Se me van a ofender todos los que no vean aquí a Bruno Lomas, a Juan Camachoy tantos otros que nos dejaron sin su preceptivo mausoleo, pero todo se andará. Seguro que no faltaría personal dispuesto a ir al de Camilo Sesto, si existiese.

Antonio Vega nos dejó el típico día más inesperado. Nos lo merecíamos. A algún genio de la SGAE se le ocurrió rendirle homenaje estando el vivo caliente. Salió en 1993, quince años antes de morir el otrora parte de Nacha Pop, un disco llamado Ese chico triste y solitario. Se presentó para medios en la sede de toda música española, y la ausencia del protagonista todavía vivo se oyó como un portazo a los que se frotaban ya las manos con los beneficios de su discografía. No olvidemos que el mejor momento de ventas de un artista es justo después de dejar esta vida mundana. Así que es normal que ni acuda al evento y se vaya en silencio, como los de algunas de sus canciones. Los había en El sitio de mi recreo.

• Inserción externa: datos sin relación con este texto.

(* Let $P,Q,R$ be plane posets. (1) $P\triangleleft Q\leq R$ if and only if there exists a biideal $I_0$ of $R$ such that $P\leq R\setminus I_0$ and $Q\leq I_0$. Moreover, if this holds, $I_0$ is unique and $I_0=\theta_{PQ,R}(Q)$. (2) $PQ\leq R$ if and only if there exists a plane subposet $I_0$ of $R$ such that $R=(R\setminus I_0)I_0$, $P\leq R\setminus I_0$ and $Q\leq I_0$. Moreover, if this holds, $I_0$ is unique and $I_0=\theta_{P\triangleleft Q,R}(Q)$. (3) $\iota(PQ)\leq R$ if and only if there exists a biideal $I_0$ of $R$ such that $\iota(R\setminus I_0)\leq P$ and $\iota(I_0)\leq Q$. Moreover, if this holds, $I_0$ is unique and $I_0=\theta_{PQ,R}(Q)$. (4) $\iota(P\triangleleft Q)\leq R$ if and only if there exists a plane subposet $I_0$ of $R$ such that $R=(R\setminus I_0)I_0$, $\iota(R\setminus I_0)\leq P$ and $\iota(I_0)\leq Q$. Moreover, if this holds, $I_0$ is unique and $I_0=\theta_{P\triangleleft Q,R}(Q)$.
   Context: A plane poset is a finite set with two partial orders $\leq_h,\leq_r$ such that two distinct elements are $\leq_h$-comparable iff they are not $\leq_r$-comparable, considered up to isomorphism; a subset with the restricted orders is a plane subposet. On a plane poset, $x\leq y$ iff ($x\leq_h y$ or $x\leq_r y$) is a total order (known fact). For plane posets $P,Q$ of the same cardinality, $\theta_{P,Q}$ is the increasing bijection $P\to Q$ for these total orders, and $P\leq Q$ means: for all $x,y\in P$, $\theta_{P,Q}(x)\leq_h\theta_{P,Q}(y)$ in $Q$ implies $x\leq_h y$ in $P$ (the relation $\leq$ is only defined between plane posets of the same cardinality). A biideal of $P$ is a subset $I$ such that $x\in I$ and ($x\leq_h y$ or $x\leq_r y$) imply $y\in I$. $PQ$ is the plane poset on $P\sqcup Q$ in which $P,Q$ are plane subposets, no element of $P$ is $\leq_h$-comparable to an element of $Q$, and $x<_r y$ for all $x\in P,y\in Q$; $P\triangleleft Q$ is defined likewise with $x<_h y$ for all $x\in P,y\in Q$ and no $\leq_r$-comparabilities between $P$ and $Q$. For a plane subposet $I_0$ of $R$, $R=(R\setminus I_0)I_0$ means $R$ equals the product $PQ$-type construction of its plane subposets $R\setminus I_0$ and $I_0$. $\iota(P)=(P,\leq_r,\leq_h)$ exchanges the two orders. *)

From mathcomp Require Import all_boot.
Set Implicit Arguments. Unset Strict Implicit. Unset Printing Implicit Defensive.

(* A (raw) bi-relational finite structure: carrier with two relations
   <=_h (ph) and <=_r (pr).  Plane-poset axioms are a separate predicate. *)
Record pp := PP { car :> finType; ph : rel car; pr : rel car }.
Arguments ph p _ _ : clear implicits.
Arguments pr p _ _ : clear implicits.

Definition is_porder (T : finType) (e : rel T) : Prop :=
  reflexive e /\ antisymmetric e /\ transitive e.

Definition is_plane (P : pp) : Prop :=
  is_porder (ph P) /\ is_porder (pr P) /\
  forall x y : P, x != y ->
    (ph P x y || ph P y x) = ~~ (pr P x y || pr P y x).

Definition pple (P : pp) (x y : P) : bool := ph P x y || pr P x y.

Definition rank (P : pp) (x : P) : nat :=
  #|[pred y : P | pple y x && (y != x)]|.

(* theta_{P,Q}: the increasing bijection P -> Q (rank-preserving map);
   option-valued since it is only meaningful when #|P| = #|Q|. *)
Definition theta (P Q : pp) (x : P) : option Q :=
  [pick y : Q | rank y == rank x].

Definition ppleq (P Q : pp) : Prop :=
  #|P| = #|Q| /\
  forall (x y : P) (x' y' : Q), theta Q x = Some x' -> theta Q y = Some y' ->
    ph Q x' y' -> ph P x y.

Definition biideal (R : pp) (I : {set R}) : Prop :=
  forall x y : R, x \in I -> (ph R x y || pr R x y) -> y \in I.

Definition sub (R : pp) (A : {set R}) : pp :=
  @PP {x : R | x \in A} (fun x y => ph R (val x) (val y))
                        (fun x y => pr R (val x) (val y)).

Definition pprod (P Q : pp) : pp :=
  @PP (P + Q)%type
    (fun a b => match a, b with
                | inl x, inl y => ph P x y
                | inr x, inr y => ph Q x y
                | _, _ => false end)
    (fun a b => match a, b with
                | inl x, inl y => pr P x y
                | inr x, inr y => pr Q x y
                | inl _, inr _ => true
                | inr _, inl _ => false end).

Definition ptri (P Q : pp) : pp :=
  @PP (P + Q)%type
    (fun a b => match a, b with
                | inl x, inl y => ph P x y
                | inr x, inr y => ph Q x y
                | inl _, inr _ => true
                | inr _, inl _ => false end)
    (fun a b => match a, b with
                | inl x, inl y => pr P x y
                | inr x, inr y => pr Q x y
                | _, _ => false end).

Definition iota_pp (P : pp) : pp := @PP P (pr P) (ph P).

(* R = (R \ I) I : R is literally the product structure of its plane
   subposets R\I and I (relations inside each part are those of R already) *)
Definition is_prod_split (R : pp) (I : {set R}) : Prop :=
  forall x y : R, x \notin I -> y \in I ->
    [&& pr R x y, x != y, ~~ pr R y x, ~~ ph R x y & ~~ ph R y x].

Definition theta_img_prod (P Q R : pp) : {set R} :=
  [set y : R | [exists q : Q, @theta (pprod P Q) R (inr q) == Some y]].
Definition theta_img_tri (P Q R : pp) : {set R} :=
  [set y : R | [exists q : Q, @theta (ptri P Q) R (inr q) == Some y]].

From mathcomp Require Import all_boot.
Set Implicit Arguments. Unset Strict Implicit. Unset Printing Implicit Defensive.

(* On a plane poset the relation [pple] is a total order, so [rank] is an
   order isomorphism onto [0, #|P|) and [P <= Q] only compares <=_h along
   equal ranks.  If [R] is cut into a lower part [R \ I] and an upper part
   [I], ranks in [R \ I] are ranks in [R] and ranks in [I] are shifted by
   [#|R \ I|]; in [P <| Q] and [PQ] the same holds with [P] below [Q].  Hence
   [P <| Q <= R] and [PQ <= R] amount to [P <= R \ I] and [Q <= I] for the
   cut [I] of the ranks [>= #|P|], plus a condition on the <=_h-relations
   across the cut: none from [I] to [R \ I] (a biideal) resp. none at all (a
   product splitting).  Parts (3) and (4) follow because [iota (PQ)] is
   [iota P <| iota Q] and [iota A <= B] is equivalent to [iota B <= A]. *)

Section PlanePoset.
Variable P : pp.
Hypothesis HP : is_plane P.

Lemma ph_pr_comparable_eq (x y : P) :
  ph P x y || ph P y x -> pr P x y || pr P y x -> x = y.
Proof.
case: HP => _ [_ plane] hh hr; case: (eqVneq x y) => // /plane.
by rewrite hh hr.
Qed.

Lemma pple_refl (x : P) : pple x x.
Proof. by case: HP => [[hrefl _] _]; rewrite /pple hrefl. Qed.

Lemma pple_total (x y : P) : pple x y || pple y x.
Proof.
case: (eqVneq x y) => [->|nxy]; first by rewrite pple_refl.
case: HP => _ [_ /(_ x y nxy)]; rewrite /pple.
by case: (ph P x y); case: (ph P y x); case: (pr P x y); case: (pr P y x).
Qed.

Lemma pple_anti (x y : P) : pple x y -> pple y x -> x = y.
Proof.
case: HP => [[_ [h_anti _]] [[_ [r_anti _]] _]].
rewrite /pple => /orP[h1|h1] /orP[h2|h2].
- by apply: h_anti; rewrite h1 h2.
- by apply: ph_pr_comparable_eq; rewrite ?h1 ?h2 ?orbT.
- by apply: ph_pr_comparable_eq; rewrite ?h1 ?h2 ?orbT.
- by apply: r_anti; rewrite h1 h2.
Qed.

(* Mixed case: if [x <=_h y <=_r z] then [x, z] are comparable for one of the
   orders, and transitivity of that order makes one of the two steps an
   equality. *)
Lemma pple_trans (x y z : P) : pple x y -> pple y z -> pple x z.
Proof.
case: HP => [[_ [_ h_tr]] [[_ [_ r_tr]] _]].
rewrite {1 2}/pple => /orP[h1|h1] /orP[h2|h2].
- by rewrite /pple (h_tr _ _ _ h1 h2).
- case/orP: (pple_total x z) => // /orP[h3|h3].
  + have <- : y = z by apply: ph_pr_comparable_eq; rewrite ?(h_tr _ _ _ h3 h1) ?h2 ?orbT.
    by rewrite /pple h1.
  + have -> : x = y by apply: ph_pr_comparable_eq; rewrite ?(r_tr _ _ _ h2 h3) ?h1 ?orbT.
    by rewrite /pple h2 orbT.
- case/orP: (pple_total x z) => // /orP[h3|h3].
  + have -> : x = y by apply: ph_pr_comparable_eq; rewrite ?(h_tr _ _ _ h2 h3) ?h1 ?orbT.
    by rewrite /pple h2.
  + have <- : y = z by apply: ph_pr_comparable_eq; rewrite ?(r_tr _ _ _ h3 h1) ?h2 ?orbT.
    by rewrite /pple h1 orbT.
- by rewrite /pple (r_tr _ _ _ h1 h2) orbT.
Qed.

Lemma ph_eq_Npr (x y : P) : x != y -> pple x y -> ph P x y = ~~ pr P x y.
Proof.
move=> nxy; rewrite /pple.
have hxy : ~~ ((ph P x y || ph P y x) && (pr P x y || pr P y x)).
  by apply: contra nxy => /andP[hh hr]; rewrite (ph_pr_comparable_eq hh hr).
by move: hxy; case: (ph P x y); case: (pr P x y); rewrite ?orbT.
Qed.

Lemma sub_strict_below (x y : P) : pple x y ->
  [pred z | pple z x && (z != x)] \subset [pred z | pple z y && (z != y)].
Proof.
move=> hxy; apply/subsetP => z; rewrite !inE => /andP[hzx nzx].
rewrite (pple_trans hzx hxy); apply: contra nzx => /eqP ezy.
by rewrite ezy in hzx *; rewrite (pple_anti hxy hzx).
Qed.

Lemma rank_lt (x y : P) : pple x y -> x != y -> rank x < rank y.
Proof.
move=> hxy nxy; apply: proper_card; rewrite properE sub_strict_below //=.
by apply/subsetPn; exists x; rewrite !inE ?hxy ?nxy ?eqxx ?andbF.
Qed.

Lemma pple_rank (x y : P) : pple x y = (rank x <= rank y).
Proof.
apply/idP/idP => [hxy|]; first exact/subset_leq_card/sub_strict_below.
case/orP: (pple_total x y) => // hyx; case: (eqVneq y x) => [->|nyx].
  by rewrite pple_refl.
by rewrite leqNgt rank_lt.
Qed.

Lemma rank_inj : injective (@rank P).
Proof. by move=> x y e; apply: pple_anti; rewrite pple_rank e. Qed.

Lemma rank_lt_card (x : P) : rank x < #|P|.
Proof.
apply: proper_card; rewrite properE subset_predT.
by apply/subsetPn; exists x; rewrite ?inE ?eqxx ?andbF.
Qed.

Lemma rank_surj k : k < #|P| -> exists x : P, rank x = k.
Proof.
move=> hk; pose f (x : P) : 'I_#|P| := Ordinal (rank_lt_card x).
have f_inj : injective f by move=> x y /(congr1 val) /rank_inj.
have /codomP[x /(congr1 val) /= ->] := inj_card_onto f_inj (eq_leq (card_ord _)) (Ordinal hk).
by exists x.
Qed.

Lemma card_rank_lt k : k <= #|P| -> #|[pred z : P | rank z < k]| = k.
Proof.
elim: k => [|k IH] hk; first by apply: eq_card0 => z; rewrite inE ltn0.
have [x hx] := rank_surj hk.
rewrite (cardD1 x) inE hx ltnSn add1n -{2}(IH (ltnW hk)); congr S.
apply: eq_card => z; rewrite !inE ltnS leq_eqVlt -hx.
by case: (eqVneq z x) => [->|nzx]; rewrite ?eqxx ?ltnn //= (inj_eq rank_inj) (negbTE nzx).
Qed.

End PlanePoset.

Lemma plane_sub (R : pp) (A : {set R}) : is_plane R -> is_plane (sub A).
Proof.
case=> [[h_refl [h_anti h_tr]] [[r_refl [r_anti r_tr]] plane]].
split; [split; [|split]|split; [split; [|split]|]] => [x|x y|x y z|x|x y|x y z|x y].
- exact: h_refl.
- by move/h_anti/val_inj.
- exact: h_tr.
- exact: r_refl.
- by move/r_anti/val_inj.
- exact: r_tr.
- exact: plane.
Qed.

Lemma plane_iota (R : pp) : is_plane R -> is_plane (iota_pp R).
Proof.
case=> [h [r plane]]; split; [exact: r|split; [exact: h|]] => x y /plane /=.
by case: (ph R x y); case: (ph R y x); case: (pr R x y); case: (pr R y x).
Qed.

Lemma rank_iota (R : pp) (x : R) : rank (x : iota_pp R) = rank x.
Proof. by apply: eq_card => y; rewrite !inE /pple /= orbC. Qed.

Lemma card_sub (R : pp) (A : {set R}) : #|sub A| = #|A|.
Proof. by rewrite /= card_sig; apply: eq_card. Qed.

Lemma card_sub_preim (T : finType) (A : {set T}) (p : pred T) :
  #|[pred w : {x : T | x \in A} | p (val w)]| = #|[pred x | (x \in A) && p x]|.
Proof.
rewrite -(card_image val_inj); apply: eq_card => x; rewrite inE.
apply/imageP/andP => [[w hw ->]|[hA hp]]; first by split; [exact: valP|].
by exists (exist _ x hA).
Qed.

Lemma card_sum_pred (A B : finType) (p : pred (A + B)%type) :
  #|p| = #|[pred a | p (inl a)]| + #|[pred b | p (inr b)]|.
Proof.
have inl_inj : injective (@inl A B) by move=> x y [].
have inr_inj : injective (@inr A B) by move=> x y [].
rewrite -(cardID [pred x : (A + B)%type | if x is inl _ then true else false]).
rewrite -(card_image inl_inj) -(card_image inr_inj).
congr (_ + _); apply: eq_card => [[a|b]]; rewrite !inE /=.
- by rewrite andbT (mem_image inl_inj).
- by rewrite andbF; apply/esym/imageP => -[].
- by apply/esym/imageP => -[].
- by rewrite (mem_image inr_inj).
Qed.

Definition rank_reflects_ph (P Q : pp) : Prop :=
  forall (x y : P) (x' y' : Q), rank x' = rank x -> rank y' = rank y ->
    ph Q x' y' -> ph P x y.

Lemma theta_rank (P Q : pp) (x : P) (y : Q) : theta Q x = Some y -> rank y = rank x.
Proof. by rewrite /theta; case: pickP => // z /eqP h [<-]. Qed.

Lemma theta_rank_eq (P Q : pp) (x : P) (y : Q) : is_plane Q ->
  rank y = rank x -> theta Q x = Some y.
Proof.
move=> HQ e; rewrite /theta; case: pickP => [z /eqP hz|/(_ y)]; last by rewrite e eqxx.
by congr Some; apply: (rank_inj HQ); rewrite hz e.
Qed.

Lemma ppleqE (P Q : pp) : is_plane Q ->
  ppleq P Q <-> #|P| = #|Q| /\ rank_reflects_ph P Q.
Proof.
move=> HQ; split=> [[hc h]|[hc h]]; split=> // x y x' y'.
  by move=> ex ey; apply: h; apply: theta_rank_eq.
by move=> /theta_rank ex /theta_rank ey; apply: h.
Qed.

Rafaella, que también se fue aunque no era nuestra (pero como si lo fuera), recibirá pronto su plaza cerca de Fuencarral calle, en Madrid. Demostrado. No sabemos sacarle partido a nuestro propio “difunto” sustrato musical. No tenemos el ADN de saber hacer de la vida del artista un espectáculo post mortem lleno de souvenirs y memorabilia, visitas morbosas y compras compulsivas de personas que llegan de ver el volcán de La Palma. Lejos estamos del tinglado por 47 dólares del Graceland de Elvis, o el rancho Neverland de Michael Jackson en cuanto alguien pague por él los escasos 67 millones de dólares que piden los herederos y se lo quede para explotarlo.